Stored items:
(* Let $\{\mathbb{P}_{s,t}:0\le s\le t\}$ and $\{\mathbb{P}'_{s,t}:0\le s\le t\}$ be polynomial processes, each having the harness property (i.e. there exist $\mathbb{X},\mathbb{X}'\in\mathcal{Q}$ with $\mathbb{P}_{0,t}\mathbb{F}=(\mathbb{F}+t\mathbb{X})\mathbb{P}_{0,t}$ and $\mathbb{P}'_{0,t}\mathbb{F}=(\mathbb{F}+t\mathbb{X}')\mathbb{P}'_{0,t}$ for all $t\ge0$). If their infinitesimal generators coincide, $\mathbb{A}_t=\mathbb{A}'_t$ for all $t>0$, then $\mathbb{P}_{s,t}=\mathbb{P}'_{s,t}$ for all $0\le s\le t$. That is, a polynomial process with the harness property is uniquely determined by its generator.
   Context: $\mathcal{Q}$ denotes the real linear space of all infinite sequences $\mathbb{P}=(p_0,p_1,\dots)$ of real polynomials in $x$, with product $\mathbb{P}\mathbb{Q}=\mathbb{R}=(r_0,r_1,\dots)$, $r_k(x)=\sum_{j=0}^{\deg q_k}[q_k]_j\,p_j(x)$ for $\mathbb{Q}=(q_0,q_1,\dots)$, where $[q]_j$ is the coefficient of $x^j$ in $q$ (this corresponds to composition of linear maps of the polynomial space, a map $\mathsf{P}$ being identified with $(\mathsf{P}(1),\mathsf{P}(x),\mathsf{P}(x^2),\dots)$). Special elements: $\mathbb{E}=(1,x,x^2,\dots)$ (identity), $\mathbb{F}=(x,x^2,\dots)$, $\mathbb{D}=(0,1,x,x^2,\dots)$. A polynomial process is a family $\{\mathbb{P}_{s,t}\in\mathcal{Q}:0\le s\le t\}$ with: (i) the $n$-th component of $\mathbb{P}_{s,t}$ is a polynomial of degree exactly $n$ for every $n\ge0$; (ii) $\mathbb{P}_{s,t}(\mathbb{E}-\mathbb{F}\mathbb{D})=\mathbb{E}-\mathbb{F}\mathbb{D}$; (iii) $\mathbb{P}_{s,t}\mathbb{P}_{t,u}=\mathbb{P}_{s,u}$ for $0\le s\le t\le u$. Its infinitesimal generator is $\mathbb{A}_t=\lim_{h\to0^+}\frac1h(\mathbb{P}_{t-h,t}-\mathbb{E})$, $t>0$, limit taken coefficientwise (it exists under the harness property). *)

From HB Require Import structures.
From mathcomp Require Import all_boot all_order all_algebra.
From mathcomp Require Import all_classical all_reals all_analysis.
Set Implicit Arguments. Unset Strict Implicit. Unset Printing Implicit Defensive.
Import Order.TTheory GRing.Theory Num.Theory.
Local Open Scope classical_set_scope.
Local Open Scope ring_scope.

Section Q.
Variable R : realType.

Definition Qseq := nat -> {poly R}.

(* Product: (P Q)_k = sum_j [q_k]_j p_j  (composition of linear maps). *)
Definition qmul (P Q : Qseq) : Qseq :=
  fun k => \sum_(j < size (Q k)) (Q k)`_j *: P j.

Definition qadd (P Q : Qseq) : Qseq := fun k => P k + Q k.
Definition qsub (P Q : Qseq) : Qseq := fun k => P k - Q k.
Definition qscale (c : R) (P : Qseq) : Qseq := fun k => c *: P k.

Definition qE : Qseq := fun n => 'X^n.
Definition qF : Qseq := fun n => 'X^(n.+1).
Definition qD : Qseq := fun n => if n is m.+1 then 'X^m else 0.

Definition polynomial_process (P : R -> R -> Qseq) : Prop :=
  (forall s t n, 0 <= s -> s <= t -> size (P s t n) = n.+1) /\
  (forall s t, 0 <= s -> s <= t ->
     qmul (P s t) (qsub qE (qmul qF qD)) = qsub qE (qmul qF qD)) /\
  (forall s t u, 0 <= s -> s <= t -> t <= u ->
     qmul (P s t) (P t u) = P s u).

Definition harness (P : R -> R -> Qseq) : Prop :=
  exists X : Qseq, forall t, 0 <= t ->
    qmul (P 0 t) qF = qmul (qadd qF (qscale t X)) (P 0 t).

Definition is_generator (P : R -> R -> Qseq) (A : R -> Qseq) : Prop :=
  forall t, 0 < t -> forall n j : nat,
    (fun h : R => h^-1 * ((P (t - h) t n)`_j - (qE n)`_j))
      @ (0 : R)^'+ --> (A t n)`_j.

End Q.

From HB Require Import structures.
From mathcomp Require Import all_boot all_order all_algebra.
From mathcomp Require Import all_classical all_reals all_analysis.
From mathcomp Require Import ring.
Import Order.TTheory GRing.Theory Num.Theory.
Set Implicit Arguments. Unset Strict Implicit. Unset Printing Implicit Defensive.
Local Open Scope ring_scope.

(* The harness property [P_{0,t} F = (F + t X) P_{0,t}] computes the n-th
   component of [P_{0,t}] from the (n-1)-th, so every coefficient of [P_{0,t}]
   is a polynomial [Q n c] in [t], and [P_{0,0} = E].  Writing
   [P_{0,t} = P_{0,t-h} P_{t-h,t}] and letting [h -> 0+] gives the forward
   equation [d/dt P_{0,t} = P_{0,t} A_t], a lower-triangular linear system for
   the [Q n c].  By induction on [n], uniqueness reduces to the scalar equation
   [d' = a_{nn} d]; as [g = Q n n] solves it with [g(0) = 1], the polynomial
   identity [d' g = d g'] together with [d(0) = 0] forces [d = 0].  Thus
   [P_{0,t}] is determined by the generator, and then so is [P_{s,t}], since
   [P_{0,t} = P_{0,s} P_{s,t}] and the components of [P_{0,s}] have distinct
   degrees. *)

Section PolynomialProcess.
Variable R : realType.
Implicit Types (Y X : Qseq R) (P : R -> R -> Qseq R).

Lemma sum_coefXn (V : lmodType R) n (f : nat -> V) :
  \sum_(j < n.+1) ('X^n : {poly R})`_j *: f j = f n.
Proof.
rewrite big_ord_recr /= big1 ?add0r; first by rewrite coefXn eqxx scale1r.
by move=> i _; rewrite coefXn ltn_eqF //= scale0r.
Qed.

Lemma qmulF Y n : qmul Y (qF R) n = Y n.+1.
Proof. by rewrite /qmul /qF size_polyXn sum_coefXn. Qed.

Lemma process_component0 P s t :
  polynomial_process P -> 0 <= s -> s <= t -> P s t 0%N = 1.
Proof.
move=> [_ [PEFD _]] s0 st; have := congr1 (fun Y => Y 0%N) (PEFD s t s0 st).
rewrite /qmul /qsub /qE /qD size_poly0 big_ord0 expr0 subr0 size_poly1.
by rewrite big_ord1 coefC scale1r.
Qed.

Lemma harness_step P X t n : polynomial_process P -> 0 <= t ->
  qmul (P 0 t) (qF R) = qmul (qadd (qF R) (qscale t X)) (P 0 t) ->
  P 0 t n.+1 = \sum_(j < n.+1) (P 0 t n)`_j *: ('X^(j.+1) + t *: X j).
Proof.
move=> [Psize _] t0 /(congr1 (fun Y => Y n)); rewrite qmulF => ->.
by rewrite /qmul Psize.
Qed.

Lemma harness_start P n : polynomial_process P -> harness P -> P 0 0 n = 'X^n.
Proof.
move=> PP [X HX]; elim: n => [|n IHn]; first by rewrite process_component0.
rewrite (harness_step n PP (lexx 0) (HX 0 (lexx 0))) IHn.
by rewrite (sum_coefXn n (fun j => 'X^(j.+1) + 0 *: X j)) scale0r addr0.
Qed.

Lemma harness_coef_poly P : polynomial_process P -> harness P ->
  exists Q : nat -> nat -> {poly R},
    forall n c t, 0 <= t -> (P 0 t n)`_c = (Q n c).[t].
Proof.
move=> PP [X HX].
suff /choice[Q HQ] : forall n, exists Qn : nat -> {poly R},
    forall c t, 0 <= t -> (P 0 t n)`_c = (Qn c).[t] by exists Q.
elim=> [|n [Qn HQn]].
  by exists (fun c => (c == 0)%:R%:P) => c t t0; rewrite process_component0 ?coef1 ?hornerC.
exists (fun c => \sum_(j < n.+1) Qn j * ((('X^(j.+1))`_c)%:P + 'X * ((X j)`_c)%:P)).
move=> c t t0; rewrite (harness_step n PP t0 (HX t t0)) coef_sum horner_sum.
apply: eq_bigr => j _.
by rewrite coefZ coefD coefZ HQn // hornerM hornerD hornerM hornerX !hornerC.
Qed.

End PolynomialProcess.

Section LeftLimits.
Variable R : realType.
Local Open Scope classical_set_scope.

Lemma cvg_horner_left (q : {poly R}) t : q.[t - h] @[h --> 0^'+] --> q.[t].
Proof.
have shift h : q.[t - h] = (q \Po (t%:P - 'X)).[h].
  by rewrite horner_comp !hornerE.
have -> : q.[t] = (q \Po (t%:P - 'X)).[0] by rewrite -shift subr0.
rewrite (funext shift); apply: cvg_at_right_filter; exact: continuous_horner.
Qed.

Lemma cvg_left_difference_quotient (q : {poly R}) t :
  h^-1 * (q.[t] - q.[t - h]) @[h --> 0^'+] --> q^`().[t].
Proof.
set r := q.[t]%:P - (q \Po (t%:P - 'X)).
have rE h : r.[h] = q.[t] - q.[t - h].
  by rewrite /r hornerD hornerN hornerC horner_comp !hornerE.
have /factor_theorem[s rsX] : root r 0 by rewrite /root rE subr0 subrr.
have s0 : s.[0] = q^`().[t].
  have : r^`().[0] = q^`().[t].
    rewrite /r derivB derivC sub0r deriv_comp derivB derivC derivX sub0r.
    by rewrite mulrN1 opprK horner_comp !hornerE subr0.
  by rewrite rsX derivM derivB derivC derivX subr0 !hornerE subr0 mulr1.
have quotient_s : {near 0^'+, (fun h => s.[h]) =1 (fun h => h^-1 * r.[h])}.
  near=> h; have h0 : h != 0 by rewrite gt_eqF //; near: h; exact: nbhs_right_gt.
  by rewrite rsX hornerM !hornerE subr0 /= mulrAC mulVf ?mul1r.
under eq_fun do rewrite -rE; rewrite -s0.
apply: cvg_trans (near_eq_cvg quotient_s) _.
apply: cvg_at_right_filter; exact: continuous_horner.
Unshelve. all: by end_near.
Qed.

End LeftLimits.

Section ForwardEquation.
Variable R : realType.
Local Open Scope classical_set_scope.

(* The Kolmogorov forward equation [d/dt P_{0,t} = P_{0,t} A_t] for the
   coefficients [(P_{0,t} n)_c = (Q n c).[t]], with [a t n j = (A_t n)_j]. *)
Definition forward_equation (a : R -> nat -> nat -> R) (Q : nat -> nat -> {poly R}) :=
  forall t, 0 < t -> forall n c,
    (Q n c)^`().[t] = \sum_(j < n.+1) a t n j * (Q j c).[t].

Lemma process_forward_equation P A (Q : nat -> nat -> {poly R}) :
  polynomial_process P -> is_generator P A ->
  (forall n c t, 0 <= t -> (P 0 t n)`_c = (Q n c).[t]) ->
  forward_equation (fun t n j => (A t n)`_j) Q.
Proof.
move=> [Psize [_ Pcomp]] PA PQ t t0 n c.
pose f h := h^-1 * ((P 0 t n)`_c - (P 0 (t - h) n)`_c).
have near_t (g : R -> R) : (forall h, 0 < h -> 0 <= t - h -> g h = f h) ->
    {near 0^'+, g =1 f}.
  move=> gf; near=> h; apply: gf; first by near: h; exact: nbhs_right_gt.
  by rewrite subr_ge0 ltW //; near: h; exact: nbhs_right_lt.
have f_deriv : f @ 0^'+ --> (Q n c)^`().[t].
  have : {near 0^'+, (fun h => h^-1 * ((Q n c).[t] - (Q n c).[t - h])) =1 f}.
    by apply: near_t => h h0 th; rewrite /f !PQ // ltW.
  by move/near_eq_cvg/cvg_trans; apply; exact: cvg_left_difference_quotient.
have f_generator : f @ 0^'+ --> \sum_(j < n.+1) (A t n)`_j * (Q j c).[t].
  pose g h := \sum_(j < n.+1)
    (h^-1 * ((P (t - h) t n)`_j - (qE R n)`_j)) * (Q j c).[t - h].
  have : {near 0^'+, g =1 f}.
    apply: near_t => h h0 th; have ht : t - h <= t by rewrite gerBl ltW.
    rewrite /f -(Pcomp 0 (t - h) t) ?lexx // /qmul Psize // coef_sum.
    rewrite -[X in _ - X](sum_coefXn (V := R^o) n (fun j => (P 0 (t - h) j)`_c)).
    rewrite -sumrB mulr_sumr; apply: eq_bigr => j _.
    by rewrite coefZ /= -mulrBl mulrA PQ.
  move/near_eq_cvg/cvg_trans; apply.
  apply: cvg_big => [|j _]; first exact: add_continuous.
  by apply: cvgM; [exact: PA | exact: cvg_horner_left].
exact: (cvg_unique (@Rhausdorff R) f_deriv f_generator).
Unshelve. all: by end_near.
Qed.

End ForwardEquation.

Section Uniqueness.
Variable R : realType.

Lemma poly_eq0_on_pos (p : {poly R}) : (forall t, 0 < t -> p.[t] = 0) -> p = 0.
Proof.
move=> p0; apply: (@roots_geq_poly_eq0 _ p [seq i.+1%:R | i <- iota 0 (size p)]).
- by apply/allP => _ /mapP[i _ ->]; apply/rootP/p0/ltr0Sn.
- by rewrite map_inj_uniq ?iota_uniq // => i j /eqP; rewrite eqr_nat => /eqP[].
- by rewrite size_map size_iota.
Qed.

(* Once [d_0 = ... = d_n = 0], the coefficient of degree [n] of [d' g - d g']
   is [(n + 1) d_{n+1} g_0]. *)
Lemma wronskian0_root0_eq0 (d g : {poly R}) :
  d^`() * g = d * g^`() -> d.[0] = 0 -> g.[0] != 0 -> d = 0.
Proof.
rewrite !horner_coef0 => dg d0 g0.
suff coef_d n : forall i, (i <= n)%N -> d`_i = 0.
  by apply/polyP => n; rewrite coef0 (coef_d n).
elim: n => [|n IHn] i; first by rewrite leqn0 => /eqP ->.
rewrite leq_eqVlt ltnS => /predU1P[-> | /IHn //].
have := congr1 (fun p : {poly R} => p`_n) dg; rewrite !coefM.
rewrite big_ord_recr /= big1 => [|j _]; last by rewrite coef_deriv IHn ?mul0rn ?mul0r.
rewrite big1 => [|j _]; last by rewrite IHn ?mul0r // -ltnS.
rewrite add0r subnn coef_deriv => /esym/eqP; rewrite eq_sym mulf_eq0 mulrn_eq0.
by rewrite (negPf g0) orbF => /eqP.
Qed.

Lemma forward_equation_unique a (Q Q' : nat -> nat -> {poly R}) :
  forward_equation a Q -> forward_equation a Q' ->
  (forall n c, (Q n c).[0] = (Q' n c).[0]) ->
  (forall n, (Q n n).[0] != 0) ->
  (forall n c t, 0 < t -> (n < c)%N -> (Q n c).[t] = 0) ->
  forall n c, Q n c = Q' n c.
Proof.
move=> FQ FQ' Q0 Qnn0 Qtriangular; elim/ltn_ind=> n IHn c.
apply/eqP; rewrite -subr_eq0; apply/eqP.
apply: (@wronskian0_root0_eq0 _ (Q n n)); last by [].
- apply/eqP; rewrite -subr_eq0; apply/eqP/poly_eq0_on_pos => t t0.
  have diag_d : (Q n c - Q' n c)^`().[t] = a t n n * (Q n c - Q' n c).[t].
    rewrite derivB !hornerE FQ // FQ' // !big_ord_recr /=.
    under [X in _ + _ - (X + _)]eq_bigr do rewrite -IHn //.
    ring.
  have diag_g : (Q n n)^`().[t] = a t n n * (Q n n).[t].
    rewrite FQ // big_ord_recr /= big1 ?add0r // => j _.
    by rewrite Qtriangular ?mulr0.
  by rewrite hornerD hornerN !hornerM diag_d diag_g; ring.
- by rewrite hornerD hornerN Q0 subrr.
Qed.

Lemma comb_triangular_eq0 (Y : Qseq R) N (r : nat -> R) :
  (forall j, size (Y j) = j.+1) ->
  \sum_(j < N) r j *: Y j = 0 -> forall j, (j < N)%N -> r j = 0.
Proof.
move=> Ysize; elim: N => [|N IHN] // /[!big_ord_recr] /= comb0 j.
have YNN : (Y N)`_N != 0.
  by rewrite -{2}[N]/(N.+1.-1) -Ysize -lead_coefE lead_coef_eq0 -size_poly_eq0 Ysize.
have rN : r N = 0.
  have /eqP := congr1 (fun p : {poly R} => p`_N) comb0.
  rewrite coef0 coefD coef_sum big1 => [|i _]; last first.
    by rewrite coefZ nth_default ?mulr0 // Ysize.
  by rewrite add0r coefZ mulf_eq0 (negPf YNN) orbF => /eqP.
rewrite ltnS leq_eqVlt => /predU1P[-> // | ]; apply: IHN.
by rewrite rN scale0r addr0 in comb0.
Qed.

Lemma sum_coef_widen (Y : Qseq R) (p : {poly R}) N : (size p <= N)%N ->
  \sum_(j < N) p`_j *: Y j = \sum_(j < size p) p`_j *: Y j.
Proof.
move=> pN; rewrite -(subnKC pN) big_split_ord /= [X in _ + X]big1 ?addr0 // => j _.
by rewrite nth_default ?scale0r ?leq_addr.
Qed.

Lemma qmul_triangular_inj (Y : Qseq R) (p q : {poly R}) :
  (forall j, size (Y j) = j.+1) ->
  \sum_(j < size p) p`_j *: Y j = \sum_(j < size q) q`_j *: Y j -> p = q.
Proof.
move=> Ysize pq; set N := maxn (size p) (size q).
have comb0 : \sum_(j < N) (p`_j - q`_j) *: Y j = 0.
  under eq_bigr do rewrite scalerBl.
  by rewrite sumrB !sum_coef_widen ?leq_maxl ?leq_maxr // pq subrr.
apply/polyP => j; have [jN | Nj] := ltnP j N.
  by apply/eqP; rewrite -subr_eq0; apply/eqP; exact: (comb_triangular_eq0 (r := fun j => p`_j - q`_j) Ysize comb0 jN).
by rewrite !nth_default // (leq_trans _ Nj) ?leq_maxl ?leq_maxr.
Qed.

Lemma process_eq_from_start (P P' : R -> R -> Qseq R) s t :
  polynomial_process P -> polynomial_process P' ->
  (forall u, 0 <= u -> P 0 u = P' 0 u) ->
  0 <= s -> s <= t -> P s t = P' s t.
Proof.
move=> [Psize [_ Pcomp]] [_ [_ P'comp]] PP' s0 st; apply: funext => n.
have := congr1 (fun Y => Y n) (Pcomp 0 s t (lexx 0) s0 st).
have := congr1 (fun Y => Y n) (P'comp 0 s t (lexx 0) s0 st).
rewrite /qmul -PP' // -PP' ?(le_trans s0 st) // => <- comp.
apply: (qmul_triangular_inj (Y := P 0 s)); last by rewrite comp.
by move=> j; rewrite Psize.
Qed.

End Uniqueness.

Theorem proposition2p3 (R : realType) (P P' : R -> R -> Qseq R) (A : R -> Qseq R) :
  polynomial_process P -> polynomial_process P' ->
  harness P -> harness P' ->
  is_generator P A -> is_generator P' A ->
  forall s t : R, 0 <= s -> s <= t -> P s t = P' s t.
Proof.
move=> PP PP' HP HP' PA P'A.
have [Q PQ] := harness_coef_poly PP HP.
have [Q' P'Q'] := harness_coef_poly PP' HP'.
have Q0 n c : (Q n c).[0] = ('X^n)`_c by rewrite -PQ // harness_start.
have Q'0 n c : (Q' n c).[0] = ('X^n)`_c by rewrite -P'Q' // harness_start.
have QQ' : forall n c, Q n c = Q' n c.
  apply: (forward_equation_unique (process_forward_equation PP PA PQ)
                                  (process_forward_equation PP' P'A P'Q')).
  - by move=> n c; rewrite Q0 Q'0.
  - by move=> n; rewrite Q0 coefXn eqxx oner_neq0.
  - move=> n c t t0 nc; rewrite -PQ ?ltW // nth_default //.
    by case: PP => Psize _; rewrite Psize // ltW.
move=> s t; apply: process_eq_from_start => // u u0.
by apply: funext => n; apply/polyP => c; rewrite PQ // P'Q' // QQ'.
Qed.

What to produce → Could you set down, word for word, only the lines above from the line with "pose f h := h^-1" to the line with "0^'+, (fun h => h^-1", including both?

Answer for the task →
pose f h := h^-1 * ((P 0 t n)`_c - (P 0 (t - h) n)`_c).
have near_t (g : R -> R) : (forall h, 0 < h -> 0 <= t - h -> g h = f h) ->
    {near 0^'+, g =1 f}.
  move=> gf; near=> h; apply: gf; first by near: h; exact: nbhs_right_gt.
  by rewrite subr_ge0 ltW //; near: h; exact: nbhs_right_lt.
have f_deriv : f @ 0^'+ --> (Q n c)^`().[t].
  have : {near 0^'+, (fun h => h^-1 * ((Q n c).[t] - (Q n c).[t - h])) =1 f}.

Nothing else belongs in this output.